Published by
Liverpool Biennial
ISSN: 2399-9675
Editor:
Joasia Krysa
Editorial Assistant:
Hannah Tolmie
James Maxfield
Copyeditor:
Melissa Larner
Web Design:
Mark El-Khatib
Forensic Aesthetics
Eyal Weizman
This contribution draws upon a talk entitled Forensic Architecture by Eyal Weizman, part of Liverpool Biennial 2018 public programme curated by The Serving Library.[1]
Forensic Architecture is both the name of an agency established in 2010, and a form of investigative practice into state violence and human-rights violations that traverses architectural, journalistic and legal fields.
The piece highlights four projects that featured in the talk: Killing in Umm Al-Hiran (2017), Saydnaya (2016), Torture and Detention in Cameroon (2017) and The Gaza Platform (2015). Progressing through these projects as case studies, it serves to unpack the term ‘forensic aesthetics’, one of several key concepts that underlie the group’s approach. Typically associated with illusionary trickery and subjective sentiment, the notion of ‘aesthetics’ seems at odds with the definition of truth as something that is objectively given. Yet Weizman sees forensics as an aesthetic practice because the modes and means by which incidents are understood and evidence is presented involve aesthetic considerations.
I. Killing in Umm Al-Hiran [2]
Shortly before dawn on 18 January 2017, Israeli police raided the Bedouin village of Umm al-Hiran. Their aim was to demolish several houses, part of efforts to force Bedouin communities away from land earmarked for new Jewish settlements.
Two people were killed during the raid: Yakub Musa Abu al-Qi’an, a Bedouin and resident of the village, and Erez Levi, an Israeli policeman. Israel’s government and police claimed the deaths were the result of a ‘terror attack’ by al-Qi’an, and suggested that he had links to the terrorist group ISIL.
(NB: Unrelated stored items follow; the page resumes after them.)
(* Let $\mathcal M=(S,L,\tau,\ell)$ be an LMC (possibly with infinitely many states). There is a policy $T$ such that for all $(s,t)\in S^2$ and all policies $T'$, \[ d(s,t)=\mathcal R^T_{\mathcal M}((s,t),S^2_1)\le\mathcal R^{T'}_{\mathcal M}((s,t),S^2_1). \] In particular $d=\min_{T}\mathcal R^T_{\mathcal M}(\cdot,S^2_1)$, the minimum being over all policies.
   Context: An LMC $\mathcal M=(S,L,\tau,\ell)$ has a nonempty countable state set $S$, finite label set $L$, finitely-branching transition function $\tau:S\to\mathrm{Distr}(S)$ and labelling $\ell$. The probabilistic bisimilarity distance $d$ is the least fixed point of $\Delta(e)(s,t)=1$ if $\ell(s)\ne\ell(t)$ and $\Delta(e)(s,t)=\min_{\omega\in\Omega(\tau(s),\tau(t))}\sum_{u,v}\omega(u,v)e(u,v)$ otherwise, where $\Omega(\mu,\nu)$ is the set of couplings (distributions on $S\times S$ with marginals $\mu,\nu$). Probabilistic bisimilarity $\sim$ is the largest equivalence $R$ on $S$ such that $(s,t)\in R$ implies $\ell(s)=\ell(t)$ and $\tau(s)(E)=\tau(t)(E)$ for every $R$-class $E$. Partition $S^2$ into $S^2_0=\{(s,t):s\sim t\}$, $S^2_1=\{(s,t):\ell(s)\ne\ell(t)\}$, $S^2_?=S^2\setminus(S^2_0\cup S^2_1)$. A policy is a map $T:S^2_?\to\mathrm{Distr}(S^2)$ with $T(s,t)\in\Omega(\tau(s),\tau(t))$. The Markov chain $\mathcal C^T_{\mathcal M}$ on $S^2$ has every pair in $S^2_0\cup S^2_1$ absorbing and from $(u,v)\in S^2_?$ moves to $(x,y)$ with probability $T(u,v)(x,y)$. $\mathcal R^T_{\mathcal M}((s,t),Z)$ is the probability that $\mathcal C^T_{\mathcal M}$ started in $(s,t)$ reaches $Z\subseteq S^2$. *)

From HB Require Import structures.
From mathcomp Require Import all_boot all_order all_algebra.
From mathcomp Require Import all_classical all_reals all_analysis.
Set Implicit Arguments. Unset Strict Implicit. Unset Printing Implicit Defensive.
Import Order.TTheory GRing.Theory Num.Theory.
Local Open Scope classical_set_scope.
Local Open Scope ring_scope.

Section LMC.
Context {R : realType}.

Definition is_distr (X : choiceType) (mu : X -> R) : Prop :=
  (forall x, 0 <= mu x) /\ (\esum_(x in [set: X]) (mu x)%:E = 1%E).

Definition mass (X : choiceType) (mu : X -> R) (E : set X) : \bar R :=
  \esum_(x in E) (mu x)%:E.

Definition coupling (X : choiceType) (mu nu : X -> R) (omega : X * X -> R) : Prop :=
  is_distr omega /\
  (forall u, \esum_(v in [set: X]) (omega (u, v))%:E = (mu u)%:E) /\
  (forall v, \esum_(u in [set: X]) (omega (u, v))%:E = (nu v)%:E).

Context {S : countType} {L : finType}.
Variables (tau : S -> S -> R) (ell : S -> L).

Definition is_LMC : Prop :=
  forall s, is_distr (tau s) /\ finite_set [set u | tau s u != 0].

Definition prob_bisimulation (Rel : S -> S -> Prop) : Prop :=
  (forall s, Rel s s) /\ (forall s t, Rel s t -> Rel t s) /\
  (forall s t u, Rel s t -> Rel t u -> Rel s u) /\
  (forall s t, Rel s t ->
     ell s = ell t /\
     forall w : S, mass (tau s) [set u | Rel u w] = mass (tau t) [set u | Rel u w]).

(* probabilistic bisimilarity: membership in the largest probabilistic
   bisimulation, i.e. in some probabilistic bisimulation *)
Definition bisimilar (s t : S) : Prop :=
  exists Rel, prob_bisimulation Rel /\ Rel s t.

Definition Delta (e : S * S -> R) (p : S * S) : R :=
  if ell p.1 != ell p.2 then 1
  else inf [set x : R | exists omega, coupling (tau p.1) (tau p.2) omega /\
              x = fine (\esum_(q in [set: S * S]) (omega q * e q)%:E)].

Definition unit_valued (e : S * S -> R) : Prop := forall p, 0 <= e p <= 1.

(* least fixed point of Delta on the complete lattice [0,1]^(S^2), given by
   the Knaster-Tarski formula: pointwise infimum of all pre-fixed points *)
Definition bisim_dist (p : S * S) : R :=
  inf [set e p | e in [set e : S * S -> R | unit_valued e /\
                         forall q, Delta e q <= e q]].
Reports from eye-witnesses, however, appeared to contradict those claims. Forensic Architecture (FA) worked with a group of documentary photographers, Activestills, to scrutinise the allegations against al-Qi’an, exposing glaring inconsistencies and forcing politicians and the police to change their story repeatedly.
The results and progress of our investigation are currently displayed at the Tate Britain’s Turner Prize 2018 exhibition. The material displayed will be submitted in support of a legal appeal in Israel against the closure of a formal investigation of the police responsible for al-Qi’an’s death.
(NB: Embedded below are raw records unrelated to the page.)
(* Let $\mathcal{V}$ be an entropic Jónsson–Tarski variety and $\mathcal{V}_\mathsf{Ab}$ its abelian core. Then: (1) $\mathcal{V}_\mathsf{Ab}$ is a full, isomorphism-closed, reflective subcategory of $\mathcal{V}$. (2) The assignment $A\mapsto Inv(A)$ defines a functor $Inv\colon\mathcal{V}\to\mathcal{V}_\mathsf{Ab}$ which is right adjoint to the embedding $\mathcal{V}_\mathsf{Ab}\hookrightarrow\mathcal{V}$; moreover, the composite $\mathcal{V}_\mathsf{Ab}\hookrightarrow\mathcal{V}\xrightarrow{Inv}\mathcal{V}_\mathsf{Ab}$ is the identity. (3) $\mathcal{V}_\mathsf{Ab}$ is closed under the entropic tensor product $-\otimes_\mathcal{V}-$ of $\mathcal{V}$; consequently the entropic monoidal structure of $\mathcal{V}_\mathsf{Ab}$ is given by $-\otimes_\mathcal{V}-$ with unit object the reflection $RF1$ of $F1$ into $\mathcal{V}_\mathsf{Ab}$. (4) The embedding $\mathcal{V}_\mathsf{Ab}\hookrightarrow\mathcal{V}$ is a symmetric monoidal functor.
   Context: A variety is a finitary one-sorted variety of algebras. It is entropic if its algebraic theory is commutative (every operation is a homomorphism); then it is symmetric monoidal closed under the entropic tensor product $A\otimes_\mathcal{V} B$, characterized by a universal bimorphism $A\times B\to A\otimes_\mathcal{V}B$ (every map $A\times B\to C$ homomorphic in each variable factors uniquely through it via a homomorphism), with unit the free algebra $F1$ on one generator and internal hom $[A,B]$ the subalgebra of $B^A$ consisting of homomorphisms. A Jónsson–Tarski variety has a nullary operation $0$ and binary operation $+$ with $x+0=x=0+x$. An element $x$ of a $\mathcal{V}$-algebra $A$ is invertible if there is $y$ with $x+y=0=y+x$ (written $y=-x$); $Inv(A)$ is the set of invertible elements, which is a subalgebra of $A$. The abelian core $\mathcal{V}_\mathsf{Ab}$ is the full subcategory of $\mathcal{V}$ spanned by the algebras $A$ with $Inv(A)=A$; it is itself an entropic Jónsson–Tarski variety (equivalently, the category of internal groups in $\mathcal{V}$), and its entropic tensor product is the one defined intrinsically in $\mathcal{V}_\mathsf{Ab}$. *)

From mathcomp Require Import all_boot.

Set Implicit Arguments.
Unset Strict Implicit.
Unset Printing Implicit Defensive.

Record signature := Signature {
  op_sym : Type;
  arity : op_sym -> nat
}.

Record algebra (S : signature) := Algebra {
  carrier :> Type;
  interp : forall o : op_sym S, ('I_(arity o) -> carrier) -> carrier
}.
Arguments interp {S} A o args : rename.

Inductive term (S : signature) (X : Type) : Type :=
  | Var : X -> term S X
  | App : forall o : op_sym S, ('I_(arity o) -> term S X) -> term S X.
Arguments Var {S X} x.
Arguments App {S X} o args.

Fixpoint eval (S : signature) (X : Type) (A : algebra S) (v : X -> A)
    (t : term S X) : A :=
  match t with
  | Var x => v x
  | App o args => interp A o (fun i => eval v (args i))
  end.
Arguments eval {S X A} v t.

Record variety := Variety {
  vsig : signature;
  eqns : term vsig nat -> term vsig nat -> Prop
}.

Section Defs.
Variable V : variety.
Notation S := (vsig V).
Notation alg := (algebra S).

Definition inV (A : alg) : Prop :=
  forall s t, eqns s t -> forall v : nat -> A, eval v s = eval v t.

Definition is_hom (A B : alg) (f : A -> B) : Prop :=
  forall (o : op_sym S) (args : 'I_(arity o) -> A),
    f (interp A o args) = interp B o (fun i => f (args i)).

(* Entropic = the algebraic theory is commutative: in every V-algebra every
   basic operation commutes with every other one (equivalently, every
   operation is a homomorphism A^n -> A). *)
Definition entropic : Prop :=
  forall A : alg, inV A ->
  forall (o o' : op_sym S) (x : 'I_(arity o) -> 'I_(arity o') -> A),
    interp A o (fun i => interp A o' (fun j => x i j)) =
    interp A o' (fun j => interp A o (fun i => x i j)).

(* Jonsson-Tarski structure: a nullary (derived) operation 0, given as a
   closed term, and a binary (derived) operation +, given as a term in the
   two variables true (= x) and false (= y). *)
Variable zero : term S Empty_set.
Variable plus : term S bool.

Definition zeroA (A : alg) : A := eval (fun e : Empty_set => match e with end) zero.
Definition plusA (A : alg) (x y : A) : A :=
  eval (fun b : bool => if b then x else y) plus.

Definition jonsson_tarski : Prop :=
  forall A : alg, inV A ->
  forall x : A, plusA x (zeroA A) = x /\ plusA (zeroA A) x = x.

Definition Inv (A : alg) (x : A) : Prop :=
  exists y : A, plusA x y = zeroA A /\ plusA y x = zeroA A.

Definition abelian (A : alg) : Prop := forall x : A, Inv x.

Definition inVAb (A : alg) : Prop := inV A /\ abelian A.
The story of our investigation, and that of the case itself, unfolded over more than a year. The timeline below follows that story, from the morning of the attack until the eviction of the village of Umm al Hiran in April 2018.
II. Saydnaya [3]
Since 2011 thousands have died in Syria’s prisons and detention facilities. With anyone perceived to be opposed to the Syrian government at risk, tens of thousands of people have been tortured and ill-treated in violation of international law.
In April 2016, Amnesty International and Forensic Architecture travelled to Istanbul to meet five survivors from Saydnaya Prison, near Damascus. In recent years, no journalists or monitoring groups that report publicly have been able to visit the prison or speak with prisoners.
III. Torture and detention in Cameroon [4]
Since 2014, Cameroon has been at war with Boko Haram, an armed extremist group responsible for thousands of murders and abductions across the Lake Chad Basin.
Trained and supported by US and European governments, and armed by Israeli private companies, the Cameroonian security forces act with increasing impunity against civilians in the country’s Far North region.
Between 2015 and 2016, Amnesty International collected evidence of over a hundred cases of illegal detention, torture and extra-judicial killing of Cameroonian citizens accused of supporting or being a member of Boko Haram, at around twenty sites across the country.
Using testimony and information supplied by Amnesty International, Forensic Architecture reconstructed two of these facilities – a regional military headquarters, and an occupied school – in order to confirm and illustrate the conditions of incarceration and torture described by former detainees.
IV. The Gaza Platform [5]
The Gaza Platform enables its users to explore a vast collection of data, collected on the ground by the Al Mezan Center for Human Rights and the Palestinian Centre for Human Rights (PCHR), as well as Amnesty International, during and after the 2014 conflict.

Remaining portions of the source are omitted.